Once the data is cleaned, a review of the data is needed to ensure no systematic survey nonresponse patterns have occurred (see Response Rate Issues). Even when random sampling is used, you may have a problem if response refusal patterns indicate that an important group of potential respondents failed to complete the survey. Key indicators may include age, gender, or race patterns that do not match the expected demographics. However, other response refusal problems may cause a lack of generalizability—for example, location overrepresentation (e.g., urban vs. rural) or group underrepresentation (e.g., freshman vs. seniors). The degree to which this will be a problem depends on the degree to which the sample provides a reasonable representation of the population. Without pertinent information about respondents, you will not be able to conduct this investigation. Therefore, it is important to identify key factors and plan to obtain these details prior to administering the survey. If an issue is identified, you may need to get additional responses from underrepresented individuals to solve the problem.

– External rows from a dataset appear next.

(* For every $N\ge1$, the symmetric matrix $$\bar A*\hat{\mathcal{H}}'+\frac{1}{\max(N-1,1)}\big(N\bar A'-\bar A\big)*(\hat{\mathcal{H}}''-\hat{\mathcal{H}}')$$ is positive semi-definite.
   Context: Fix layer widths $C_0,\dots,C_L$ and a mini-batch size $N\ge1$. For $l=1,\dots,L$, let $\bar a_{l-1}\in\mathbb{R}^{(C_{l-1}+1)\times N}$ be square-integrable random matrices (activations with a row of ones appended). For each $n\in\{1,\dots,N\}$ and $l\in\{1,\dots,L\}$, let $g^{(n)}_l\in\mathbb{R}^{C_l\times N}$ be square-integrable random matrices. Here $(g^{(n)}_l)_{a,m}$ stands for the gradient $\partial\mathcal{L}_n/\partial(h_l)_{a,m}$ of the $n$-th example's loss with respect to the pre-activation entry $(a,m)$ of layer $l$. $\mathbb{E}$ denotes expectation, and $\mathbb{E}_n[\cdot]=\frac1N\sum_{n=1}^N[\cdot]$. Define block matrices, with $\{M\}_{l,l'}$ denoting block $(l,l')$, by: - $(\{\bar A\}_{l,l'})_{b,d}=\mathbb{E}\big[\mathbb{E}_n[(\bar a_{l-1})_{b,n}(\bar a_{l'-1})_{d,n}]\big]$; - $(\{\bar A'\}_{l,l'})_{b,d}=\mathbb{E}\big[\mathbb{E}_n[(\bar a_{l-1})_{b,n}]\,\mathbb{E}_n[(\bar a_{l'-1})_{d,n}]\big]$; - $(\{\hat{\mathcal{H}}'\}_{l,l'})_{a,c}=\mathbb{E}\big[\mathbb{E}_n[\sum_{m}(g^{(n)}_l)_{a,m}(g^{(n)}_{l'})_{c,m}]\big]$; - $(\{\hat{\mathcal{H}}''\}_{l,l'})_{a,c}=\mathbb{E}\big[\mathbb{E}_n[(\sum_{m}(g^{(n)}_l)_{a,m})(\sum_{m}(g^{(n)}_{l'})_{c,m})]\big]$. For block matrices $P,Q$ with the same block layout, the Khatri–Rao product $P*Q$ is the block matrix with blocks $\{P*Q\}_{l,l'}=\{P\}_{l,l'}\otimes\{Q\}_{l,l'}$, where $\otimes$ is the Kronecker product. *)

From HB Require Import structures.
From mathcomp Require Import all_boot all_order all_algebra.
From mathcomp Require Import all_classical all_reals all_analysis.
From mathcomp.real_closed Require Export mxtens.
Set Implicit Arguments. Unset Strict Implicit. Unset Printing Implicit Defensive.
Import Order.TTheory GRing.Theory Num.Theory.
Local Open Scope ring_scope.

Section Defs.
Context {d : measure_display} {T : measurableType d} {R : realType}
  (P : probability T R).

Definition Ex (f : T -> R) : R := Rintegral P setT f.

Definition sq_integrable (f : T -> R) : Prop :=
  measurable_fun setT f /\ P.-integrable setT (fun w => (f w ^+ 2)%:E).

Definition sq_integrable_mx (m n : nat) (X : T -> 'M[R]_(m, n)) : Prop :=
  forall i j, sq_integrable (fun w => X w i j).

(* Layers are indexed by l : 'I_L, standing for the paper's layer l+1.
   C : nat -> nat gives the widths C_0, ..., C_L.
   a l : activation abar_{l} (paper: abar_{(l+1)-1}), size (C l + 1) x N.
   g n l : gradient g^{(n)}_{l+1}, size C (l+1) x N. *)
Variables (L N : nat) (C : nat -> nat)
  (a : forall l : 'I_L, T -> 'M[R]_(C l + 1, N))
  (g : 'I_N -> forall l : 'I_L, T -> 'M[R]_(C l.+1, N)).

Definition EnN (F : 'I_N -> R) : R := N%:R^-1 * \sum_(n < N) F n.

Definition Abar_blk (l l' : 'I_L) : 'M[R]_(C l + 1, C l' + 1) :=
  \matrix_(b, d') Ex (fun w => EnN (fun n => a l w b n * a l' w d' n)).

Definition Abar'_blk (l l' : 'I_L) : 'M[R]_(C l + 1, C l' + 1) :=
  \matrix_(b, d') Ex (fun w => EnN (fun n => a l w b n) * EnN (fun n => a l' w d' n)).

Definition H'_blk (l l' : 'I_L) : 'M[R]_(C l.+1, C l'.+1) :=
  \matrix_(i, c) Ex (fun w => EnN (fun n => \sum_(m < N) g n l w i m * g n l' w c m)).

Definition H''_blk (l l' : 'I_L) : 'M[R]_(C l.+1, C l'.+1) :=
  \matrix_(i, c) Ex (fun w => EnN (fun n =>
     (\sum_(m < N) g n l w i m) * (\sum_(m < N) g n l' w c m))).

Definition khatri_rao (p q : 'I_L -> nat)
  (X : forall l l' : 'I_L, 'M[R]_(p l, p l'))
  (Y : forall l l' : 'I_L, 'M[R]_(q l, q l')) :
  'M[R]_(\sum_(l < L) (p l * q l)%N, \sum_(l < L) (p l * q l)%N) :=
  \mxblock_(l < L, l' < L) tensmx (X l l') (Y l l').

Definition theorem3_matrix :=
  khatri_rao Abar_blk H'_blk
  + (maxn (N - 1) 1)%:R^-1 *:
    khatri_rao (fun l l' => N%:R *: Abar'_blk l l' - Abar_blk l l')
               (fun l l' => H''_blk l l' - H'_blk l l').
End Defs.

Definition psd (R : realType) (n : nat) (M : 'M[R]_n) : Prop :=
  M^T = M /\ forall x : 'cV[R]_n, 0 <= (x^T *m M *m x) 0 0.

From HB Require Import structures.
From mathcomp Require Import all_boot all_order all_algebra.
From mathcomp Require Import all_classical all_reals all_analysis.
From mathcomp.real_closed Require Import mxtens.
From mathcomp Require Import ring.
Set Implicit Arguments. Unset Strict Implicit. Unset Printing Implicit Defensive.
Import Order.TTheory GRing.Theory Num.Theory.
Local Open Scope ring_scope.

(* A row/column of the Khatri-Rao matrix is an index i = (layer, activation
   row b, gradient row a), and every entry is built from expectations of
   empirical second moments.  Each such moment is a weighted Gram kernel
     Gram c phi i j = E[c * sum_k phi_i(k) phi_j(k)]
   of square-integrable random feature vectors phi_i, and the proof rests on:
   - the Schur product theorem for Gram kernels (Gram_schur): the entrywise
     product of two Gram kernels has a nonnegative quadratic form, because the
     expectation can be pulled out of the quadratic form;
   - centering: with batch-centered activations and position-centered
     per-example gradients, Abar = Cov_a + Abar' and N H' - H'' = (N - 1) Cov_g,
     so for N > 1 every entry equals Cov_a * Cov_g + Abar' * H'' (entry_decomp),
     while for N = 1 the correction term vanishes and it is Abar * H'
     (entry_single).  Either way it is a sum of Schur products of Gram kernels. *)

Section QuadraticForms.
Variable R : realDomainType.

Definition qform (I : finType) (x : I -> R) (M : I -> I -> R) : R :=
  \sum_i \sum_j x i * x j * M i j.

Lemma qformD (I : finType) (x : I -> R) (M M' : I -> I -> R) :
  qform x (fun i j => M i j + M' i j) = qform x M + qform x M'.
Proof.
rewrite /qform -big_split; apply: eq_bigr => i _.
by rewrite -big_split; apply: eq_bigr => j _; rewrite mulrDr.
Qed.

Lemma qform_ones (I : finType) (x : I -> R) :
  qform x (fun _ _ => 1) = (\sum_i x i) ^+ 2.
Proof.
rewrite /qform expr2 mulr_suml; apply: eq_bigr => i _.
by rewrite mulr_sumr; apply: eq_bigr => j _; rewrite mulr1.
Qed.

Lemma qform_hadamard (I K : finType) (b : I -> K -> R) (M : I -> I -> R) (x : I -> R) :
  qform x (fun i j => (\sum_k b i k * b j k) * M i j) =
  \sum_k qform (fun i => x i * b i k) M.
Proof.
transitivity (\sum_i \sum_j \sum_k x i * b i k * (x j * b j k) * M i j).
  apply: eq_bigr => i _; apply: eq_bigr => j _.
  by rewrite mulr_suml mulr_sumr; apply: eq_bigr => k _; ring.
by under eq_bigr do rewrite exchange_big /=; rewrite exchange_big.
Qed.

Lemma qform_hadamard_ge0 (I K : finType) (b : I -> K -> R) (M : I -> I -> R) (x : I -> R) :
  (forall y, 0 <= qform y M) ->
  0 <= qform x (fun i j => (\sum_k b i k * b j k) * M i j).
Proof. by move=> M_psd; rewrite qform_hadamard; apply: sumr_ge0. Qed.

End QuadraticForms.

Lemma sum_centered_prod (R : comNzRingType) (n : nat) (A B : 'I_n -> R) (x y : R) :
  \sum_k (A k - x) * (B k - y) =
  \sum_k A k * B k - x * \sum_k B k - y * \sum_k A k + n%:R * x * y.
Proof.
transitivity (\sum_k (A k * B k + (- (x * B k)) + (- (y * A k)) + x * y)).
  by apply: eq_bigr => k _; ring.
rewrite !big_split /= !sumrN -!mulr_sumr sumr_const card_ord mulr_natl; ring.
Qed.

Lemma natr_pred_neq0 (R : numDomainType) (N : nat) : (1 < N)%N -> N%:R - 1 != 0 :> R.
Proof. by move=> N_gt1; rewrite subr_eq0 -[1 : R]/(1%:R) eqr_nat gtn_eqF. Qed.

Lemma maxn_pred_natr (R : numDomainType) (N : nat) : (1 < N)%N ->
  (maxn (N - 1) 1)%:R = N%:R - 1 :> R.
Proof.
move=> N_gt1; rewrite (maxn_idPl _); last by rewrite leq_subRL ?addn1 // ltnW.
by rewrite natrB // ltnW.
Qed.

Lemma centering_identity (R : fieldType) (n X Y X' Y'' D Z : R) : n - 1 != 0 ->
  X = D + X' -> n * Y - Y'' = (n - 1) * Z ->
  X * Y + (n - 1)^-1 * ((n * X' - X) * (Y'' - Y)) = D * Z + X' * Y''.
Proof.
move=> n1_neq0 -> hY; have -> : Y'' = n * Y - (n - 1) * Z by rewrite -hY; ring.
by field.
Qed.

Lemma psd_kernel (R : realType) (n : nat) (k : 'I_n -> 'I_n -> R) :
  (forall i j, k i j = k j i) -> (forall x, 0 <= qform x k) ->
  psd (\matrix_(i, j) k i j).
Proof.
move=> k_sym k_ge0; split; first by apply/matrixP => i j; rewrite !mxE k_sym.
move=> x; suff -> : (x^T *m (\matrix_(i, j) k i j) *m x) 0 0 = qform (fun i => x i 0) k.
  exact: k_ge0.
rewrite mxE; under eq_bigr do rewrite mxE mulr_suml.
rewrite exchange_big /=; apply: eq_bigr => i _; apply: eq_bigr => j _.
by rewrite !mxE; ring.
Qed.

Lemma sum_single (V : nmodType) (N : nat) (n0 : 'I_N) (F : 'I_N -> V) :
  N = 1%N -> \sum_n F n = F n0.
Proof.
move=> N1; apply: big_pred1 => n /=; apply/esym/eqP/val_inj.
have n_lt1 : (val n < 1)%N by rewrite -N1; exact: ltn_ord.
have n0_lt1 : (val n0 < 1)%N by rewrite -N1; exact: ltn_ord.
by move: n_lt1 n0_lt1; rewrite !ltnS !leqn0 => /eqP -> /eqP ->.
Qed.

Lemma EnN_single (R : realType) (N : nat) (n0 : 'I_N) (F : 'I_N -> R) :
  N = 1%N -> EnN F = F n0.
Proof. by move=> N1; rewrite /EnN (sum_single n0 _ N1) N1 invr1 mul1r. Qed.

Section Expectation.
Context {d : measure_display} {T : measurableType d} {R : realType}
  (P : probability T R).

Section Lspace.
Variables (p : \bar R) (p1 : (1 <= p)%E).

Lemma Lfun_lin (c : R) (f g : T -> R) : f \in Lfun P p -> g \in Lfun P p ->
  (fun w => c * f w + g w) \in Lfun P p.
Proof. by have [_ lin] := Lfun_submod_closed P p1; exact: lin. Qed.

Lemma Lfun_scale (c : R) (f : T -> R) : f \in Lfun P p -> (fun w => c * f w) \in Lfun P p.
Proof.
move=> lf; have [lf0 _] := Lfun_submod_closed P p1.
by have := Lfun_lin c lf lf0; under eq_fun do rewrite addr0.
Qed.

Lemma Lfun_sub (f g : T -> R) : f \in Lfun P p -> g \in Lfun P p ->
  (fun w => f w - g w) \in Lfun P p.
Proof.
move=> lf lg; have := Lfun_lin (-1) lg lf.
by under eq_fun do rewrite mulN1r addrC.
Qed.

Lemma Lfun_sum (I : Type) (r : seq I) (F : I -> T -> R) :
  (forall i, F i \in Lfun P p) -> (fun w => \sum_(i <- r) F i w) \in Lfun P p.
Proof.
move=> lF; elim: r => [|i r IH].
  have [lf0 _] := Lfun_submod_closed P p1.
  by under eq_fun do rewrite big_nil.
suff -> : (fun w => \sum_(j <- i :: r) F j w) = (fun w => 1 * F i w + \sum_(j <- r) F j w)
  by exact: Lfun_lin.
by apply/funext => w; rewrite big_cons mul1r.
Qed.

End Lspace.

Lemma one_le_two : (1 <= 2%:E :> \bar R)%E.
Proof. by rewrite lee_fin ler1n. Qed.

Lemma sq_integrable_L2 (f : T -> R) : sq_integrable P f -> f \in Lfun P 2%:E.
Proof.
move=> [mf /integrableP [_ sq_fin]].
apply/andP; split; first by rewrite inE.
rewrite inE /= /finite_norm unlock /Lnorm; apply: poweR_lty.
suff -> : (fun x => `|(EFin \o f) x| `^ 2)%E = (fun x => `|(f x ^+ 2)%:E|)%E by [].
apply/funext => x /=; congr (_%:E).
by rewrite -[2]/(2%:R) powR_mulrn // real_normK ?num_real // ger0_norm // sqr_ge0.
Qed.

Lemma L1_integrable (f : T -> R) : f \in Lfun P 1 -> P.-integrable setT (EFin \o f).
Proof. by move/Lfun1_integrable. Qed.

Lemma ExD (f g : T -> R) : f \in Lfun P 1 -> g \in Lfun P 1 ->
  Ex P (fun w => f w + g w) = Ex P f + Ex P g.
Proof. by move=> /L1_integrable f1 /L1_integrable g1; rewrite /Ex RintegralD. Qed.

Lemma ExB (f g : T -> R) : f \in Lfun P 1 -> g \in Lfun P 1 ->
  Ex P (fun w => f w - g w) = Ex P f - Ex P g.
Proof. by move=> /L1_integrable f1 /L1_integrable g1; rewrite /Ex RintegralB. Qed.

One of the first things you should calculate once a survey has been administered and the results obtained is the response rate. The calculation is simple. The response rate is an indication of the number of invited participants who complete the survey. This is reported as a percentage but should always be accompanied by the size of the sample. A 66% response rate obtained from a sample comprised of three individuals wouldn’t provide very compelling evidence. However, a response rate of this magnitude obtained from a much larger sample would be much more impressive. You should also indicate how the sample was obtained when reporting the sample size (the population size as well if it is known). The sampling procedures will have been detailed in the methods section, but you should briefly report them (as a reminder) when presenting results (e.g., a random sample of three individuals).

$$Response\>Rate = \frac{Number\> of \>Usable\>Surveys\>Returned}{Number\>of\>Invites}$$

The only consideration (possible controversy) surrounding the response rate calculation is deciding what it means to complete the survey and whether information obtained from partially completed surveys might be usable. In order to make this determination, a careful examination of the survey results is needed. While there are no hard and fast rules, there are some principles that may help you make this determination. In situations where a returned survey is unusable, it should not be included in the response rate calculation. This will also affect the margin of error calculation.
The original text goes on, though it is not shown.